# Problem with Kerberos // kinit: password incorrect / initial login



## samanka80 (Aug 22, 2012)

Hello everyone!

I am trying to configure my ldap on freebsd 9 so that I can authenticate users against active directory.

For that I am going to need krb5, I have installed it, it is running cute but when I try to kinit some-user I have a weired problem... lets start from the top, here is my configuration of krb5.conf:

:beer

[logging]
default = FILE:/var/log/krb5libs.log
kdc = FILE:/var/log/krb5kdc.log
admin_server = FILE:/var/log/kadmind.log

[libdefaults]
default_realm = seth.local
dns_lookup_realm = false
dns_lookup_kdc = false
ticket_lifetime = 24h
forwardable = yes

[realms]
seth.local = {
kdc = WIN-SRV.seth.local:88
admin_server = WIN-SRV.seth.local:749
default_domain = seth.local
}

[domain_realm]
.seth.local = SETH.LOCAL
seth.local = SETH.LOCAL


:beer

seth.local is my domain and WIN-SRV is my active directory server...

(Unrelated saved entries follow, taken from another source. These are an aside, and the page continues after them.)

(* Assume $t\ge 2$, fix $(i,j)\in[d']\times[t]$ and $n\in[t]\setminus\{j\}$. The $\binom{d+2}{3}$ linear polynomials \[ L_{\mathcal K}=|\operatorname{Perm}(\mathcal K)|\,y^{[i]}_j(\mathcal K)-\sum_{\substack{\mathcal A\cup\{b\}=\mathcal K\\ |\mathcal A|=2}}|\operatorname{Perm}(\mathcal A)|\,y^{[i]}_{n,j}(\mathcal A,b),\qquad \mathcal K\in\operatorname{Mult}_3([d]), \] all belong to the vanishing ideal $J$ of the attention variety and are linearly independent.
   Context: Setup: $Q,K\in\mathbb R^{a\times d}$, $V=(v_{ik})\in\mathbb R^{d'\times d}$, $W=(Q,K,V)$, $A=K^\top Q$, $\varphi_W(X)=VX(X^\top AX)$ for $X=(x_{kn})\in\mathbb R^{d\times t}$. $\operatorname{Mult}_r([d])$ is the set of size-$r$ multisets on $[d]$; $\operatorname{Perm}(\mathcal M)$ the set of distinct orderings of a multiset. $c^{[i]}_j(\mathcal K)$ and $c^{[i]}_{n,j}(\mathcal A,b)$ are the coefficients of $\prod_{u\in\mathcal K}x_{uj}$ and $(\prod_{u\in\mathcal A}x_{un})x_{bj}$ in $\varphi_W(X)[i,j]$; the scaled coefficients are $y^{[i]}_j(\mathcal K)=c^{[i]}_j(\mathcal K)/|\operatorname{Perm}(\mathcal K)|$, $y^{[i]}_{n,j}(\mathcal A,b)=c^{[i]}_{n,j}(\mathcal A,b)/|\operatorname{Perm}(\mathcal A)|$. The map $\mu$ sends $W$ to the array of scaled coefficients, viewed as values of ambient coordinates with the same names; the attention variety is the Zariski closure of $\operatorname{im}\mu$ and $J$ its vanishing ideal. The sum in $L_{\mathcal K}$ runs over distinct decompositions of $\mathcal K$ into a size-2 multiset $\mathcal A$ and a singleton $\{b\}$. *)

From mathcomp Require Import all_boot all_algebra.
From mathcomp Require Import reals.
From mathcomp Require Import mpoly.

Set Implicit Arguments.
Unset Strict Implicit.
Unset Printing Implicit Defensive.

Import GRing.Theory.
Local Open Scope ring_scope.

(* Size-r multisets on [d] = 'I_d, given by their multiplicity functions. *)
Definition mult (r d : nat) :=
  {m : {ffun 'I_d -> 'I_r.+1} | (\sum_(u < d) (m u : nat))%N == r}.

Definition mcount (r d : nat) (K : mult r d) (u : 'I_d) : nat := val K u.

Definition nperm (r d : nat) (K : mult r d) : nat :=
  #|[set s : r.-tuple 'I_d | [forall u, count_mem u s == mcount K u]]|.

(* Polynomial ring in the entries x_{kn} of X (k in [d], n in [t]). *)
Definition NX (d t : nat) : nat := #|{: 'I_d * 'I_t}|.
Definition xpoly (R : realType) (d t : nat) := {mpoly R[NX d t]}.

Definition Xmat (R : realType) (d t : nat) : 'M[xpoly R d t]_(d, t) :=
  \matrix_(k < d, m < t) 'X_(enum_rank (k, m)).

Definition phi (R : realType) (a d d' t : nat)
    (Q Kk : 'M[R]_(a, d)) (V : 'M[R]_(d', d)) : 'M[xpoly R d t]_(d', t) :=
  let X := Xmat R d t in
  let A := Kk^T *m Q in
  (map_mx (fun c => c%:MP) V) *m X *m (X^T *m map_mx (fun c => c%:MP) A *m X).

Definition mon (d t : nat) (e : 'I_d * 'I_t -> nat) : 'X_{1..NX d t} :=
  [multinom e (enum_val k) | k < NX d t].

Definition monK (r d t : nat) (K : mult r d) (j : 'I_t) :=
  mon (fun p : 'I_d * 'I_t => if p.2 == j then mcount K p.1 else 0%N).

Definition monA (r d t : nat) (A : mult r d) (b : 'I_d) (n j : 'I_t) :=
  mon (fun p : 'I_d * 'I_t =>
    ((if p.2 == n then mcount A p.1 else 0%N) +
     (if (p.2 == j) && (p.1 == b) then 1 else 0))%N).

Definition cK (R : realType) (a d d' t : nat) (Q Kk : 'M[R]_(a, d))
    (V : 'M[R]_(d', d)) (i : 'I_d') (j : 'I_t) (K : mult 3 d) : R :=
  (phi t Q Kk V i j)@_(monK K j).

Definition cA (R : realType) (a d d' t : nat) (Q Kk : 'M[R]_(a, d))
    (V : 'M[R]_(d', d)) (i : 'I_d') (n j : 'I_t) (A : mult 2 d) (b : 'I_d) : R :=
  (phi t Q Kk V i j)@_(monA A b n j).

(* ambient coordinates: y^{[i]}_j(K) and y^{[i]}_{n,j}(A,b) with n <> j;
   a tuple (i, n, j, A, b) *)
Definition coordA (d d' t : nat) :=
  {x : 'I_d' * 'I_t * 'I_t * mult 2 d * 'I_d | x.1.1.1.2 != x.1.1.2}.
Definition coord (d d' t : nat) :=
  (('I_d' * 'I_t * mult 3 d) + coordA d d' t)%type.

Definition mu (R : realType) (a d d' t : nat) (Q Kk : 'M[R]_(a, d))
    (V : 'M[R]_(d', d)) (c : coord d d' t) : R :=
  match c with
  | inl (i, j, K) => cK Q Kk V i j K / (nperm K)%:R
  | inr x => let: (i, n, j, A, b) := val x in
             cA Q Kk V i n j A b / (nperm A)%:R
  end.

Definition NY (d d' t : nat) : nat := #|{: coord d d' t}|.
Definition ypoly (R : realType) (d d' t : nat) := {mpoly R[NY d d' t]}.
Definition yvar (R : realType) (d d' t : nat) (c : coord d d' t) : ypoly R d d' t :=
  'X_(enum_rank c).
Definition yeval (R : realType) (d d' t : nat) (p : ypoly R d d' t)
    (y : coord d d' t -> R) : R := p.@[fun k => y (enum_val k)].

Definition in_image (R : realType) (a d d' t : nat) (y : coord d d' t -> R) : Prop :=
  exists (Q Kk : 'M[R]_(a, d)) (V : 'M[R]_(d', d)), y = mu Q Kk V.

Definition attention_variety (R : realType) (a d d' t : nat)
    (y : coord d d' t -> R) : Prop :=
  forall p : ypoly R d d' t,
    (forall z, in_image a z -> yeval p z = 0) -> yeval p y = 0.

Definition inJ (R : realType) (a d d' t : nat) (p : ypoly R d d' t) : Prop :=
  forall y, attention_variety a y -> yeval p y = 0.

Definition LK (R : realType) (d d' t : nat) (i : 'I_d') (n j : 'I_t)
    (hnj : n != j) (K : mult 3 d) : ypoly R d d' t :=
  (nperm K)%:R *: yvar R (inl (i, j, K))
  - \sum_(Ab : mult 2 d * 'I_d |
           [forall u, (mcount Ab.1 u + (u == Ab.2) == mcount K u)%N])
      (nperm Ab.1)%:R *:
        yvar R (inr (exist (fun x : 'I_d' * 'I_t * 'I_t * mult 2 d * 'I_d =>
                               x.1.1.1.2 != x.1.1.2)
                            (i, n, j, Ab.1, Ab.2) hnj)).

From Pilot Require Import Defs.
From mathcomp Require Import all_boot all_algebra.
From mathcomp Require Import reals.
From mathcomp Require Import mpoly.
From mathcomp Require Import ring.
Import GRing.Theory Num.Theory.
Local Open Scope ring_scope.

(* Expanding V X (X^T A X) entrywise, phi_W(X)[i,j] is the sum of the terms
   V_ik A_pq x_km x_pm x_qj.  The monomial prod_{u in K} x_uj collects the terms
   with m = j and {k, p, q} = K, while (prod_{u in A} x_un) x_bj, for n <> j,
   collects those with m = n, q = b and {k, p} = A.  Since a triple (k, p, q)
   with {k, p, q} = K determines exactly one decomposition K = A + {b}, namely
   A = {k, p}, b = q, we get c_j(K) = sum_{A + {b} = K} c_{n,j}(A, b).  On the
   image of mu the rescaled coordinates |Perm| y are exactly these coefficients,
   so L_K vanishes on im mu and hence on its Zariski closure.  Independence:
   the coordinate y_j(K) occurs in L_K and in no other L_K', with coefficient
   |Perm(K)| <> 0. *)

Lemma count_mem_tuple_lt {r d} (s : r.-tuple 'I_d) u : (count_mem u s < r.+1)%N.
Proof. by rewrite ltnS -{2}(size_tuple s) count_size. Qed.

Lemma sum_count_mem {d} (s : seq 'I_d) : (\sum_(u < d) count_mem u s)%N = size s.
Proof.
elim: s => [|x s IH] /=; first by rewrite big1.
rewrite big_split /= IH (bigD1 x) //= eqxx big1 ?addn0 // => u.
by rewrite eq_sym => /negbTE ->.
Qed.

Definition mult_of_tuple {r d} (s : r.-tuple 'I_d) : mult r d.
Proof.
exists [ffun u : 'I_d => Ordinal (count_mem_tuple_lt s u)].
apply/eqP; rewrite -[X in _ = X](size_tuple s) -sum_count_mem.
by apply: eq_bigr => u _; rewrite ffunE.
Defined.

Lemma mcount_mult_of_tuple {r d} (s : r.-tuple 'I_d) u :
  mcount (mult_of_tuple s) u = count_mem u s.
Proof. by rewrite /mcount /= ffunE. Qed.

Lemma mult_ext {r d} (K1 K2 : mult r d) :
  (forall u, mcount K1 u = mcount K2 u) -> K1 = K2.
Proof. by move=> eqK; apply/val_inj/ffunP => u; apply/val_inj/eqK. Qed.

Lemma mult_of_tuple_surj {r d} (K : mult r d) :
  exists s : r.-tuple 'I_d, mult_of_tuple s = K.
Proof.
pose s := flatten [seq nseq (mcount K u) u | u <- enum 'I_d].
have size_s : size s == r.
  rewrite size_flatten /shape -map_comp sumnE big_map.
  apply/eqP; rewrite -[RHS](eqP (valP K)) enumT.
  by apply: eq_bigr => u _; rewrite /= size_nseq.
exists (Tuple size_s); apply: mult_ext => u.
rewrite mcount_mult_of_tuple /= count_flatten -map_comp sumnE big_map enumT.
rewrite (bigD1 u) //= count_nseq /= eqxx mul1n big1 ?addn0 // => v /negbTE.
by rewrite count_nseq /= eq_sym => ->.
Qed.

Lemma mult_of_tuple_eqE {r d} (s : r.-tuple 'I_d) (K : mult r d) :
  (mult_of_tuple s == K) = [forall u, count_mem u s == mcount K u].
Proof.
apply/eqP/forallP => [<- u | eq_count]; first by rewrite mcount_mult_of_tuple.
by apply: mult_ext => u; rewrite mcount_mult_of_tuple; apply/eqP.
Qed.

Lemma nperm_gt0 {r d} (K : mult r d) : (0 < nperm K)%N.
Proof.
have [s <-] := mult_of_tuple_surj K; apply/card_gt0P; exists s.
by rewrite inE; apply/forallP => u; rewrite mcount_mult_of_tuple.
Qed.

Lemma natr_nperm_neq0 (R : numDomainType) {r d} (K : mult r d) :
  (nperm K)%:R != 0 :> R.
Proof. by rewrite pnatr_eq0 -lt0n nperm_gt0. Qed.

(* A multiset is determined by its sorted enumeration, so multisets are counted
   by sorted tuples. *)
Lemma card_mult r d : #|{: mult r d.+1}| = 'C(r + d, r).
Proof.
pose S := [set s : r.-tuple 'I_d.+1 | sorted leq (map val s)].
rewrite -card_sorted_tuples -/S -(@card_in_imset _ _ mult_of_tuple S).
  apply: eq_card => K; rewrite !inE; symmetry; apply/imsetP.
  have [s <-] := mult_of_tuple_surj K.
  have size_sort_s : size (sort (relpre val leq) s) == r.
    by rewrite size_sort size_tuple.
  exists (Tuple size_sort_s).
    by rewrite inE /= sorted_map; apply: sort_sorted => x y; apply: leq_total.
  apply: mult_ext => u; rewrite !mcount_mult_of_tuple /=.
  by apply/esym/permP; rewrite perm_sort.
move=> s1 s2; rewrite !inE => sorted_s1 sorted_s2 eq_s12.
apply/val_inj/(inj_map val_inj)/(sorted_eq leq_trans anti_leq) => //.
apply/perm_map/allP => u _; apply/eqP.
by rewrite -!mcount_mult_of_tuple eq_s12.
Qed.

Lemma card_mult3 d : #|{: mult 3 d}| = 'C(d + 2, 3).
Proof.
case: d => [|d]; last by rewrite card_mult addn2 add3n.
by apply: eq_card0 => K; have := valP K; rewrite big_ord0.
Qed.

Lemma mcoeff_yvar (R : realType) (d d' t : nat) (c c' : Defs.coord d d' t) :
  (yvar R c)@_(U_(enum_rank c')) = (c == c')%:R.
Proof. by rewrite mcoeffXU (inj_eq enum_rank_inj). Qed.

Lemma mcoeff_LK (R : realType) (d d' t : nat) (i : 'I_d') (n j : 'I_t)
    (hnj : n != j) (K K0 : mult 3 d) :
  (LK R i hnj K)@_(U_(@enum_rank (Defs.coord d d' t) (inl (i, j, K0))))
    = (nperm K)%:R * (K == K0)%:R.
Proof.
rewrite mcoeffB mcoeffZ mcoeff_yvar raddf_sum big1 ?subr0.
  by congr (_ * (nat_of_bool _)%:R); apply/eqP/eqP => [[]|->].
by move=> Ab _ /=; rewrite mcoeffZ mcoeff_yvar mulr0.
Qed.

Lemma LK_free (R : realType) (d d' t : nat) (i : 'I_d') (n j : 'I_t)
    (hnj : n != j) (lam : mult 3 d -> R) :
  \sum_(K : mult 3 d) lam K *: LK R i hnj K = 0 -> forall K, lam K = 0.
Proof.
move=> sum_eq0 K0.
pose yK0 := U_(@enum_rank (Defs.coord d d' t) (inl (i, j, K0)))%MM.
move/(congr1 (mcoeff yK0)): sum_eq0.
rewrite mcoeff0 raddf_sum (bigD1 K0) //= big1 => [|K neqK]; last first.
  by rewrite mcoeffZ mcoeff_LK (negbTE neqK) !mulr0.
rewrite addr0 mcoeffZ mcoeff_LK eqxx mulr1 => /eqP.
by rewrite mulf_eq0 (negbTE (natr_nperm_neq0 _ K0)) orbF => /eqP.
Qed.

Lemma mulmx_quadratic_entry (S : comNzRingType) (d d' t : nat)
    (M : 'M[S]_(d', d)) (X : 'M[S]_(d, t)) (A : 'M[S]_d) i j :
  (M *m X *m (X^T *m A *m X)) i j =
  \sum_(m < t) \sum_(k < d) \sum_(q < d) \sum_(p < d)
     M i k * X k m * X p m * A p q * X q j.
Proof.
rewrite mxE; apply: eq_bigr => m _.
rewrite mxE big_distrl; apply: eq_bigr => k _ /=.
rewrite mxE big_distrr; apply: eq_bigr => q _ /=.
rewrite mxE big_distrl big_distrr; apply: eq_bigr => p _ /=.
by rewrite !mxE; ring.
Qed.

Lemma mcoeff_phi (R : realType) (a d d' t : nat) (Q Kk : 'M[R]_(a, d))
    (V : 'M[R]_(d', d)) (i : 'I_d') (j : 'I_t) (M : 'X_{1.. NX d t}) :
  (phi t Q Kk V i j)@_M =
  \sum_(m < t) \sum_(k < d) \sum_(q < d) \sum_(p < d)
     V i k * (Kk^T *m Q) p q *
     ((U_(enum_rank (k, m)) + U_(enum_rank (p, m)) + U_(enum_rank (q, j)))%MM
        == M)%:R.
Proof.
rewrite /phi mulmx_quadratic_entry raddf_sum; apply: eq_bigr => m _.
rewrite raddf_sum; apply: eq_bigr => k _.
rewrite raddf_sum; apply: eq_bigr => q _.
rewrite raddf_sum; apply: eq_bigr => p _.
rewrite -mcoeffX -mcoeffCM !mpolyXD mpolyCM !mxE.
by congr (mcoeff M _); ring.
Qed.
Lemma independence_step E : equiv_rel E ->
  (forall w z, ~~ rle E w z -> independent_over (merge E w z)) ->
  independent_over E.
Proof.
move=> HE IH a Ha; have HEp : preposet E by case/andP: HE.
pose s l := sgn R E * sgn R l.
have Hs2 : forall l, s l * s l = 1 by move=> l; rewrite /s mulrACA !sgn_sq mulr1.
have Hexp : forall v, ind_cone R E v = \sum_(l | total_over E l) s l * ind_cone R l v.
  move=> v; rewrite (expansion_preposet HEp v); apply: eq_bigl => l.
  exact: ext_equiv_rel.
have Ga : forall w z, ~~ rle E w z -> forall m, total_over E m -> rle m w z ->
    rle m z w -> \sum_(l | fiber E w z m l) a l = 0.
  move=> w z HnE; apply: fiber_sums_vanish (IH _ _ HnE) _ => // u.
  by exists 0 => N _; exact: Ha.
(* the s-combination is 1_cone(E), which vanishes far out *)
have Gs : forall w z, ~~ rle E w z -> forall m, total_over E m -> rle m w z ->
    rle m z w -> \sum_(l | fiber E w z m l) s l = 0.
  move=> w z HnE; apply: fiber_sums_vanish (IH _ _ HnE) _ => // u.
  have [N0 HN0] := far_out u HEp HnE.
  by exists N0 => N HN; rewrite -Hexp ind0 //; apply: HN0.
set b := weight a s [set: I * I].
have Ha' : forall l, total_over E l -> a l = b * s l.
  move=> l Hl; rewrite (a_eq a Hs2).
  by rewrite (weight_const HE Hs2 Ga Gs (total_over_setT E) Hl (subsetT l)).
(* at v = 0 the combination is b * 1_cone(E)(0) = b *)
have Hb0 : b = 0.
  have := Ha (fun=> 0).
  rewrite (eq_bigr (fun l => b * (s l * ind_cone R l (fun=> 0)))); last first.
    by move=> l Hl; rewrite Ha' // mulrA.
  by rewrite -mulr_sumr -Hexp ind1 ?mulr1 //; exact: cone0.
by move=> l Hl; rewrite Ha' // Hb0 mul0r.
Qed.

Theorem independence E : equiv_rel E -> independent_over E.
Proof.
move: E; apply: (@measure_ind _ (fun E => #|~: E|)) => E IH HE.
have HEp : preposet E by case/andP: HE.
apply: independence_step => // w z HnE.
by apply: IH; [exact: card_compl_merge | exact: equiv_rel_merge].
Qed.

End Independence.

Section Diagonal.
Variable I : finType.

Definition diag : {set I * I} := [set xy | xy.1 == xy.2].

Lemma rle_diag x y : rle diag x y = (x == y).
Proof. by rewrite /rle inE. Qed.

Lemma equiv_rel_diag : equiv_rel diag.
Proof.
apply/andP; split.
  apply: preposetI => [x|x y z]; rewrite !rle_diag //.
  by move=> /eqP -> /eqP ->.
by apply/forallP => x; apply/forallP => y; rewrite !rle_diag eq_sym implybb.
Qed.

Lemma total_over_diag (l : {set I * I}) : total_over diag l = total_preorder l.
Proof.
apply/idP/idP; first by case/andP.
move=> Ht; have [rl _ _] := totalP Ht; apply/andP; split=> //.
by apply/subsetP => [[x y]]; rewrite inE /= => /eqP ->; exact: rl.
Qed.

Lemma nclasses_le (l : {set I * I}) : (nclasses l <= #|I|)%N.
Proof.
by rewrite nclassesE; apply: leq_trans (leq_imset_card _ _) _; rewrite cardE.
Qed.

(* The classes of a poset are singletons. *)
Lemma nclasses_poset (p : {set I * I}) : poset p -> nclasses p = #|I|.
Proof.
case/andP => Hp /forallP Ha; have [rp _] := preposetP Hp.
have E : forall x, cls p x = [set x].
  move=> x; apply/setP => y; rewrite in_cls in_set1 /requiv.
  apply/idP/idP => [/andP [H1 H2]|/eqP ->]; last by rewrite rp.
  by move: (Ha x) => /forallP /(_ y) /implyP /(_ H1) /implyP /(_ H2); rewrite eq_sym.
rewrite nclassesE (eq_imset _ E) card_imset; last exact: set1_inj.
by rewrite cardE.
Qed.

End Diagonal.

Lemma sgn_poset (R : realType) (I : finType) (p l : {set I * I}) : poset p ->
  sgn R p * sgn R l = (-1) ^+ (#|I| - nclasses l).
Proof.
move=> Hp; rewrite /sgn (nclasses_poset Hp) -{1}(subnK (nclasses_le l)) exprD.
by rewrite -mulrA -expr2 -exprM mulnC exprM sqrrN expr1n expr1n mulr1.
Qed.
Lemma char_poly_tensmx1 (R : comNzRingType) p n (A : 'M[R]_p) :
  char_poly (A *t (1%:M : 'M_n)) = char_poly A ^+ n.
Proof.
rewrite /char_poly -det_tensmx1 /char_poly_mx; congr (\det _).
by rewrite tensmxBl tens_scalar_mx1 map_mxT map_mx1.
Qed.

Section OnesBasis.
Variables (R : numFieldType) (p : nat).
Local Notation n := (1 + p)%N.
Local Notation nR := (n%:R : R).
Local Notation e0 := (col_mx 1%:M 0 : 'M[R]_(n, 1)).
Local Notation e0T := (row_mx 1%:M 0 : 'M[R]_(1, n)).

(* Columns: the all-ones vector, then [e_j - e_0] for [0 < j]. *)
Definition ones_basis : 'M[R]_n := block_mx 1 (const_mx (-1)) (const_mx 1) 1.

Definition ones_basis_inv : 'M[R]_n :=
  let s := nR^-1 in block_mx s%:M (const_mx s) (const_mx (- s)) (1 - const_mx s).

Let nR_neq0 : nR != 0. Proof. by rewrite pnatr_eq0. Qed.

Lemma mulmx_ones_basisV : ones_basis *m ones_basis_inv = 1%:M.
Proof.
have inv_sum : nR^-1 + nR^-1 *+ p = 1.
  by rewrite -mulrS; apply: etrans (mulVf nR_neq0); rewrite mulr_natr.
rewrite /ones_basis /ones_basis_inv mulmx_block !mul1mx !mul_const_mx mulmxBr mulmx1.
rewrite mul_const_mx mul_mx_scalar (scalar_mx_block 1 p 1).
congr block_mx; apply/matrixP=> i j; rewrite !mxE //.
- by rewrite [i]ord1 [j]ord1 eqxx mulr1n mulN1r opprK inv_sum.
- by rewrite mulN1r mulNrn opprK addrCA inv_sum addNr.
- by rewrite mulr1 subrr.
- by rewrite mul1r mulr1n addrCA subrr addr0.
Qed.

Lemma mulVmx_ones_basis : ones_basis_inv *m ones_basis = 1%:M.
Proof. exact: mulmx1C mulmx_ones_basisV. Qed.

Now I am trying to kinit some user who actually exists on my active directory, here is the result:

[root@ldap /usr/home/neda]# kinit alex
alex@seth.local's Password: //I entered the password here//
kinit: Password incorrect     

And then, I try to login with username which doesn't exist at all! And I have:

[root@ldap /usr/home/neda]# kinit jklsajdlkssdasdsa
jklsajdlks@seth.local's Password: //kjaskljdaskvcbylj user doesn't exist, who cares?? :e//
kinit: krb5_get_init_creds: Client (jklsajdlks@seth.local) unknown

You see? I think kerberos is seeing my active directory perfectly, but I don't know why I see the "password incorrect" message! I am sure that I'm entering the password correctlly! Should I config any special password for kerberos to access active directory and if so, where?? what do you think my problem is??

please please please save me! :r


----------